Aleksander from Gdynia Bilingual High
School No 3, Poland used the properties of the sine function to
find a polynomial approximation.
As we know, polynomials are one of the most flexible functions
and hence, can have very different shapes. They are probably the
most flexible functions you can find, thus we can state a
hypothesis that every function can be approximated by a polynomial
of an appropriately high degree. Let's now consider sine, the
functions that is very difficult to calculate and thus we usually
need its approximation. In the beginning let's find coefficients in
the following expression: $$\sin x \approx a + bx +cx^2 +dx^3.$$
Let's make a few observations:
(1) Sine is an odd function
(2) $\sin [0]=0$
(3) For sufficiently small $x$, $\sin x \approx x$.

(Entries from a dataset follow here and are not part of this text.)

(* Let $\tilde R<0$ and let $\mathcal G=(\bar Q,\mu,\eta)$ be an intervention rule whose intervention set $\mathcal I$ is partial. Let $\pi$ be a policy that is $\varepsilon$-suboptimal for the absorbing MDP $\tilde{\mathcal M}$, and let $\pi'=\mathcal G(\pi)$. Then for any policy $\pi^*$, $$V^{\pi^*}(d_0)-V^\pi(d_0)\le\Big(|\tilde R|+\frac1{1-\gamma}\Big)P_{\mathcal G}(\pi^* )+\varepsilon,\qquad \bar V^\pi(d_0)\le\bar V^{\pi'}(d_0)+\frac{\varepsilon}{|\tilde R|}.$$
   Context: $\mathcal M=(\mathcal S,\mathcal A,P,r,\gamma)$ is a discounted MDP with discrete state and action spaces, reward $r(s,a)\in[0,1]$, discount $\gamma\in[0,1)$, initial distribution $d_0$. $\mathcal S$ contains two distinguished states $s_\triangleright,s_\circ$; $\mathcal S_{\mathrm{unsafe}}=\{s_\triangleright,s_\circ\}$, $\mathcal S_{\mathrm{safe}}=\mathcal S\setminus\mathcal S_{\mathrm{unsafe}}$; from $s_\triangleright$ every action leads to $s_\circ$ w.p. 1, $s_\circ$ is absorbing, $r=0$ on $\mathcal S_{\mathrm{unsafe}}$, $d_0(s_\circ)=0$. Cost $c(s,a)=\mathbb 1\{s=s_\triangleright\}$. For a stationary policy $\pi$ with trajectory law $\rho^\pi$ in $\mathcal M$ ($s_0\sim d_0$): $V^\pi(d_0)=\mathbb E_{\rho^\pi}[\sum_t\gamma^tr(s_t,a_t)]$, $\bar V^\pi(d_0)=\mathbb E_{\rho^\pi}[\sum_t\gamma^tc(s_t,a_t)]$. Intervention rule: $\mathcal G=(\bar Q,\mu,\eta)$ with backup policy $\mu$, $\eta\in[0,1]$, $\bar Q:\mathcal S_{\mathrm{safe}}\times\mathcal A\to[0,1]$; intervention set $\mathcal I=\{(s,a)\in\mathcal S_{\mathrm{safe}}\times\mathcal A:\bar Q(s,a)-\mathbb E_{a'\sim\mu(\cdot|s)}\bar Q(s,a')>\eta\}$; shielded policy $\mathcal G(\pi)(a|s)=\pi(a|s)\mathbb 1\{(s,a)\notin\mathcal I\}+w(s)\mu(a|s)$, $w(s)=\sum_{\tilde a:(s,\tilde a)\in\mathcal I}\pi(\tilde a|s)$. A set $\mathcal X\subseteq\mathcal S_{\mathrm{safe}}\times\mathcal A$ is partial if for every $(s,a)\in\mathcal X$ there is $a'$ with $(s,a')\notin\mathcal X$. Absorbing MDP: $\tilde{\mathcal M}=(\mathcal S\cup\{s_\dagger\},\mathcal A,\tilde P,\tilde r,\gamma)$: $\tilde r(s,a)=\tilde R$ if $(s,a)\in\mathcal I$, $\tilde r(s_\dagger,a)=0$, $\tilde r=r$ otherwise; $\tilde P(\cdot|s,a)$ is the point mass at $s_\dagger$ if $(s,a)\in\mathcal I$ or $s=s_\dagger$, else $P(\cdot|s,a)$. Policies are extended to $s_\dagger$ arbitrarily; $\tilde V^\pi(d_0)$ is the value in $\tilde{\mathcal M}$; $\tilde V^*(d_0)=\sup_\pi\tilde V^\pi(d_0)$; $\pi$ is $\varepsilon$-suboptimal if $\tilde V^*(d_0)-\tilde V^\pi(d_0)\le\varepsilon$. $P_{\mathcal G}(\pi)=(1-\gamma)\sum_{h\ge0}\gamma^h\Pr_{\rho^\pi}(\exists t\le h:(s_t,a_t)\in\mathcal I)$. *)

From HB Require Import structures.
From mathcomp Require Import all_boot all_order all_algebra.
From mathcomp Require Import all_classical all_reals.
From mathcomp Require Import ereal topology normedtype sequences esum.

Polynomials are odd only if coefficients of even powers of $x$
are equal to 0.
From the statements above we have:
$\sin (0) = 0 \Rightarrow a=0$
From (3), $b=1$\\ From (1), $c=0$.
After simplification $\sin x \approx x +dx^3$. Taking $x =
{\pi \over 6}$ and $\sin x = 0.5$ a simple calculation gives $d = -
0.1643968$ which is close to $d = -{1\over 6}$ and we have $\sin x
\approx x - {x^3 \over 6}$.
To get approximation of $\sin x$ using polynomials of higher
degrees, we have to remember that coefficients of even powers
should be equal to 0. For that reason the next degree of a
polynomial that can be used here is the 5th.
Andrei from Romania used the Taylor
series and drew graphs to show the polynomial approximations
.
To solve this problem, I use the Taylor series expansion around the
origin. I see that the derivatives of $f(x) = \sin x $ are:
$$\eqalign{ f^{4k}(x) &= \sin x \cr f^{4k+1}(x) &= \cos x
\cr f^{4k+2}(x) &= -\sin x \cr f^{4k+3}(x) &= -\cos x }.$$
The formula for the Taylor expansion is: $$f(x) = f(x_0) + {(x -
x_0)\over 1!}f'(x_0)+ {(x - x_0)^2\over 2!}f''(x_0)+... + {(x -
x_0)^k\over k!}f^{(k)}(x_0)+ ...$$ Evidently, the odd-order
derivatives are 0 for $x_0=0$. So, $\sin x$ could be written around
the origin as: $$\sin x = x - {x^3\over 3!} + {x^5\over 5!} -
{x^7\over 7!} + ...$$ The simplest method to test the accuracy of
the series expansion is to represent on the same graph the function
and its different order expansions.
The function sin(x) is represented in white, the first order
polynomial in red, the third in cyan, the fifth in green and the
seventh in yellow. It can be observed that the accuracy is better
and better. As the order of the polynomial increases, the accuracy
increases.
It is remarkable that, using only up to the seventh order
polynomial, I obtain a very good approximation of the function. Sin
is a periodic function and so it is sufficient to work on the
interval $[-\pi, \pi]$, and, observing that sin is an odd function
the interval $[0, \pi]$ is enough. Around $\pi$, in fact I should
use the expansion of the function around this value. This is
equivalent to moving the y-axis $\pi$ to the right.
I work in a similar manner for $\cos x$ and $\log (1+x).$ For $\cos
x$, the MacLaurin series expansion is: $$\cos x = 1 - {x^2\over 2!}
+ {x^4\over 4!} - {x^6\over 6!} +...$$
The function is in blue, the second order polynomial in violet, the
fourth - in white and the sixth in red. I see that the sixth order
polynomial is a rather good approximation on the whole
interval.
As cos is periodic, the interval $[-\pi, \pi]$ is sufficient, and
more, as cos(x) is even $[0, \pi]$ is enough.
For, $\log (1+x)$, I consider the logarithm to the base e. Here, I
obtain the following MacLaurin series expansion: $$\log (1+x) = x -
{x^2\over 2} + {x^3\over 3} - {x^4\over 4} + {x^5\over 5} ...$$

Here, the colours of the curves are as follows: violet for the
function, white for the first order approximation, red for the
second, cyan for the third, green for the fourth and yellow for the
fifth.
In this case, the approximations are good only on a small interval
around the origin. I think that for approximations of the function
valid on different intervals, I have to use the series expansion
around the chosen point. So, around x=1: $$\log (1 + x) = \log 2 +
{x-1\over 2} - {(x-1)^2\over 2^3} + {(x-1)^3\over 24} -
{(x-1)^4\over 64} + {(x-1)^5\over 160}1 ...$$

The colours are as follows: the function in red, the first order
polynomial in cyan, the second order one in green, the third in
yellow, the fourth in blue, and the fifth in violet.